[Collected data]
::::

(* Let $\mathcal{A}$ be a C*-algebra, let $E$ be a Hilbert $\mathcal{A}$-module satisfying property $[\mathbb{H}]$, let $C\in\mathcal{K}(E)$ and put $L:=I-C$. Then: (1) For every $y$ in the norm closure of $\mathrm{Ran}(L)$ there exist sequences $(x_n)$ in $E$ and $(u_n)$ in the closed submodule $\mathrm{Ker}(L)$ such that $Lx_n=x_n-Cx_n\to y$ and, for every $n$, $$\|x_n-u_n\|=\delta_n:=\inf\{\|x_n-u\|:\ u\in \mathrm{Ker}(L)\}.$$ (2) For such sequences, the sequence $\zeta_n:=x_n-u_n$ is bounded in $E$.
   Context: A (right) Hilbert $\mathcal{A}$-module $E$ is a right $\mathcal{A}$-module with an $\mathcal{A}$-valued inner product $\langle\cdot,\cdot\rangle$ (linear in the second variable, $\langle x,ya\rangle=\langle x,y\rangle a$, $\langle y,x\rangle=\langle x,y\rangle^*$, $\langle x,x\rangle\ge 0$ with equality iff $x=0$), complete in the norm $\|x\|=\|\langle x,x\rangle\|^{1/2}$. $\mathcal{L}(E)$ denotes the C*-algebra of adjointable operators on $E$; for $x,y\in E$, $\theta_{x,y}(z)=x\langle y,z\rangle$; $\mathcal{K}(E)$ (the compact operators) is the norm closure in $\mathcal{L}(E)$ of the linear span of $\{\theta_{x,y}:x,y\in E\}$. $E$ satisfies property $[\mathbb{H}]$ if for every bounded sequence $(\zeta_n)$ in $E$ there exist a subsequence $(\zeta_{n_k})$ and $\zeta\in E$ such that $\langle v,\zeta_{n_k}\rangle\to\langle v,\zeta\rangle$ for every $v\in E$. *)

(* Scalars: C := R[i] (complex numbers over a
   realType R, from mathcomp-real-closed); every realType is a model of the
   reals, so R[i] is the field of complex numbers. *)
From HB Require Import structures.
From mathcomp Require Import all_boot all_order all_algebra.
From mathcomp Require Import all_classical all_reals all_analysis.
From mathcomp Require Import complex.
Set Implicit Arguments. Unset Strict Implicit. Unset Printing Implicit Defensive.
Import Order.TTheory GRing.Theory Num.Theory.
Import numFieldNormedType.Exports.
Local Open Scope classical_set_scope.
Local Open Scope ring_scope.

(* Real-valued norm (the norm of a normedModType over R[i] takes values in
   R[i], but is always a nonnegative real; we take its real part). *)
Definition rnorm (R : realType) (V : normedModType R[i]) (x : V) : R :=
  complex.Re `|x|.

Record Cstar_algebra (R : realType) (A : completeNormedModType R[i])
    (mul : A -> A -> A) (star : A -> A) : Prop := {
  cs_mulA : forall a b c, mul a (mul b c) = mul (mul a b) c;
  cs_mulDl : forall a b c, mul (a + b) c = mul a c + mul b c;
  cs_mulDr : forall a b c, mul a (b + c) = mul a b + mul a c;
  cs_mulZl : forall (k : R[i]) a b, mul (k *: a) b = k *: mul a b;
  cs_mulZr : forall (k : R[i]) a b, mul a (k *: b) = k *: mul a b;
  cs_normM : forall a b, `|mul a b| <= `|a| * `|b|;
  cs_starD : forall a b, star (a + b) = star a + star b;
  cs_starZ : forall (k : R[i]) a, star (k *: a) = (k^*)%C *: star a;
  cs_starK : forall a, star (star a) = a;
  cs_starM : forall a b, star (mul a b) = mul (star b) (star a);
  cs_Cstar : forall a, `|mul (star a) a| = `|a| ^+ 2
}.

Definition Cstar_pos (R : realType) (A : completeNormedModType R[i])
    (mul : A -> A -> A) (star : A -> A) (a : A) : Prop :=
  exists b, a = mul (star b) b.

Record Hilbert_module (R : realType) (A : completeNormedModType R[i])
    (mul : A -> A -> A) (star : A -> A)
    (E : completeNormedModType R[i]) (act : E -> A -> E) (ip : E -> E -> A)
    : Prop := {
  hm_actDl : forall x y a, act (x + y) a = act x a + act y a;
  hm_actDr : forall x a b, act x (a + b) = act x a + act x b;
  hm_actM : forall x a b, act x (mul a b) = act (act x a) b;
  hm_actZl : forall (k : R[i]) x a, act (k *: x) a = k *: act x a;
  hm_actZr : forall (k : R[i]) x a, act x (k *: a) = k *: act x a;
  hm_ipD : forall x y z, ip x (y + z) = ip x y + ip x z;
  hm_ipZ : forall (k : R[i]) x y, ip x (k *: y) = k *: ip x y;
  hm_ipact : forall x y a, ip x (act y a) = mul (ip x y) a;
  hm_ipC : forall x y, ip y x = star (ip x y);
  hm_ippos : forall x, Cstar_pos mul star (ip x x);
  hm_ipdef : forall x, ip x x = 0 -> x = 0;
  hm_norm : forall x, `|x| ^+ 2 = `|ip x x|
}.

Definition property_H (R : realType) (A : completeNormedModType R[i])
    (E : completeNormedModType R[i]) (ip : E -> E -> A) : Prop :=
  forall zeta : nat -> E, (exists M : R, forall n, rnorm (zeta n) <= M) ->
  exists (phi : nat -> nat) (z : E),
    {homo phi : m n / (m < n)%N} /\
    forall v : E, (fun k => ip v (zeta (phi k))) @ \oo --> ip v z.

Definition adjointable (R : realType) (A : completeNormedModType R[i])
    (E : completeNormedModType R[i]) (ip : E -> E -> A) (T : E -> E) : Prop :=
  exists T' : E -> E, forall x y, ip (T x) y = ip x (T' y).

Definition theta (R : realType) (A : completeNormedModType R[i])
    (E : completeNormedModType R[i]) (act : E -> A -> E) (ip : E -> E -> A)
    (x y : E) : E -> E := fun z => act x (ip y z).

::::

• **ASSIGNMENT**
An exact copy of every record above is what's needed here.

• **THE ANSWER**
(* Let $\mathcal{A}$ be a C*-algebra, let $E$ be a Hilbert $\mathcal{A}$-module satisfying property $[\mathbb{H}]$, let $C\in\mathcal{K}(E)$ and put $L:=I-C$. Then: (1) For every $y$ in the norm closure of $\mathrm{Ran}(L)$ there exist sequences $(x_n)$ in $E$ and $(u_n)$ in the closed submodule $\mathrm{Ker}(L)$ such that $Lx_n=x_n-Cx_n\to y$ and, for every $n$, $$\|x_n-u_n\|=\delta_n:=\inf\{\|x_n-u\|:\ u\in \mathrm{Ker}(L)\}.$$ (2) For such sequences, the sequence $\zeta_n:=x_n-u_n$ is bounded in $E$.
   Context: A (right) Hilbert $\mathcal{A}$-module $E$ is a right $\mathcal{A}$-module with an $\mathcal{A}$-valued inner product $\langle\cdot,\cdot\rangle$ (linear in the second variable, $\langle x,ya\rangle=\langle x,y\rangle a$, $\langle y,x\rangle=\langle x,y\rangle^*$, $\langle x,x\rangle\ge 0$ with equality iff $x=0$), complete in the norm $\|x\|=\|\langle x,x\rangle\|^{1/2}$. $\mathcal{L}(E)$ denotes the C*-algebra of adjointable operators on $E$; for $x,y\in E$, $\theta_{x,y}(z)=x\langle y,z\rangle$; $\mathcal{K}(E)$ (the compact operators) is the norm closure in $\mathcal{L}(E)$ of the linear span of $\{\theta_{x,y}:x,y\in E\}$. $E$ satisfies property $[\mathbb{H}]$ if for every bounded sequence $(\zeta_n)$ in $E$ there exist a subsequence $(\zeta_{n_k})$ and $\zeta\in E$ such that $\langle v,\zeta_{n_k}\rangle\to\langle v,\zeta\rangle$ for every $v\in E$. *)

(* Scalars: C := R[i] (complex numbers over a
   realType R, from mathcomp-real-closed); every realType is a model of the
   reals, so R[i] is the field of complex numbers. *)
From HB Require Import structures.
From mathcomp Require Import all_boot all_order all_algebra.
From mathcomp Require Import all_classical all_reals all_analysis.
From mathcomp Require Import complex.
Set Implicit Arguments. Unset Strict Implicit. Unset Printing Implicit Defensive.
Import Order.TTheory GRing.Theory Num.Theory.
Import numFieldNormedType.Exports.
Local Open Scope classical_set_scope.
Local Open Scope ring_scope.

(* Real-valued norm (the norm of a normedModType over R[i] takes values in
   R[i], but is always a nonnegative real; we take its real part). *)
Definition rnorm (R : realType) (V : normedModType R[i]) (x : V) : R :=
  complex.Re `|x|.

Record Cstar_algebra (R : realType) (A : completeNormedModType R[i])
    (mul : A -> A -> A) (star : A -> A) : Prop := {
  cs_mulA : forall a b c, mul a (mul b c) = mul (mul a b) c;
  cs_mulDl : forall a b c, mul (a + b) c = mul a c + mul b c;
  cs_mulDr : forall a b c, mul a (b + c) = mul a b + mul a c;
  cs_mulZl : forall (k : R[i]) a b, mul (k *: a) b = k *: mul a b;
  cs_mulZr : forall (k : R[i]) a b, mul a (k *: b) = k *: mul a b;
  cs_normM : forall a b, `|mul a b| <= `|a| * `|b|;
  cs_starD : forall a b, star (a + b) = star a + star b;
  cs_starZ : forall (k : R[i]) a, star (k *: a) = (k^*)%C *: star a;
  cs_starK : forall a, star (star a) = a;
  cs_starM : forall a b, star (mul a b) = mul (star b) (star a);
  cs_Cstar : forall a, `|mul (star a) a| = `|a| ^+ 2
}.

Definition Cstar_pos (R : realType) (A : completeNormedModType R[i])
    (mul : A -> A -> A) (star : A -> A) (a : A) : Prop :=
  exists b, a = mul (star b) b.

Record Hilbert_module (R : realType) (A : completeNormedModType R[i])
    (mul : A -> A -> A) (star : A -> A)
    (E : completeNormedModType R[i]) (act : E -> A -> E) (ip : E -> E -> A)
    : Prop := {
  hm_actDl : forall x y a, act (x + y) a = act x a + act y a;
  hm_actDr : forall x a b, act x (a + b) = act x a + act x b;
  hm_actM : forall x a b, act x (mul a b) = act (act x a) b;
  hm_actZl : forall (k : R[i]) x a, act (k *: x) a = k *: act x a;
  hm_actZr : forall (k : R[i]) x a, act x (k *: a) = k *: act x a;
  hm_ipD : forall x y z, ip x (y + z) = ip x y + ip x z;
  hm_ipZ : forall (k : R[i]) x y, ip x (k *: y) = k *: ip x y;
  hm_ipact : forall x y a, ip x (act y a) = mul (ip x y) a;
  hm_ipC : forall x y, ip y x = star (ip x y);
  hm_ippos : forall x, Cstar_pos mul star (ip x x);
  hm_ipdef : forall x, ip x x = 0 -> x = 0;
  hm_norm : forall x, `|x| ^+ 2 = `|ip x x|
}.

Definition property_H (R : realType) (A : completeNormedModType R[i])
    (E : completeNormedModType R[i]) (ip : E -> E -> A) : Prop :=
  forall zeta : nat -> E, (exists M : R, forall n, rnorm (zeta n) <= M) ->
  exists (phi : nat -> nat) (z : E),
    {homo phi : m n / (m < n)%N} /\
    forall v : E, (fun k => ip v (zeta (phi k))) @ \oo --> ip v z.

Definition adjointable (R : realType) (A : completeNormedModType R[i])
    (E : completeNormedModType R[i]) (ip : E -> E -> A) (T : E -> E) : Prop :=
  exists T' : E -> E, forall x y, ip (T x) y = ip x (T' y).

Definition theta (R : realType) (A : completeNormedModType R[i])
    (E : completeNormedModType R[i]) (act : E -> A -> E) (ip : E -> E -> A)
    (x y : E) : E -> E := fun z => act x (ip y z).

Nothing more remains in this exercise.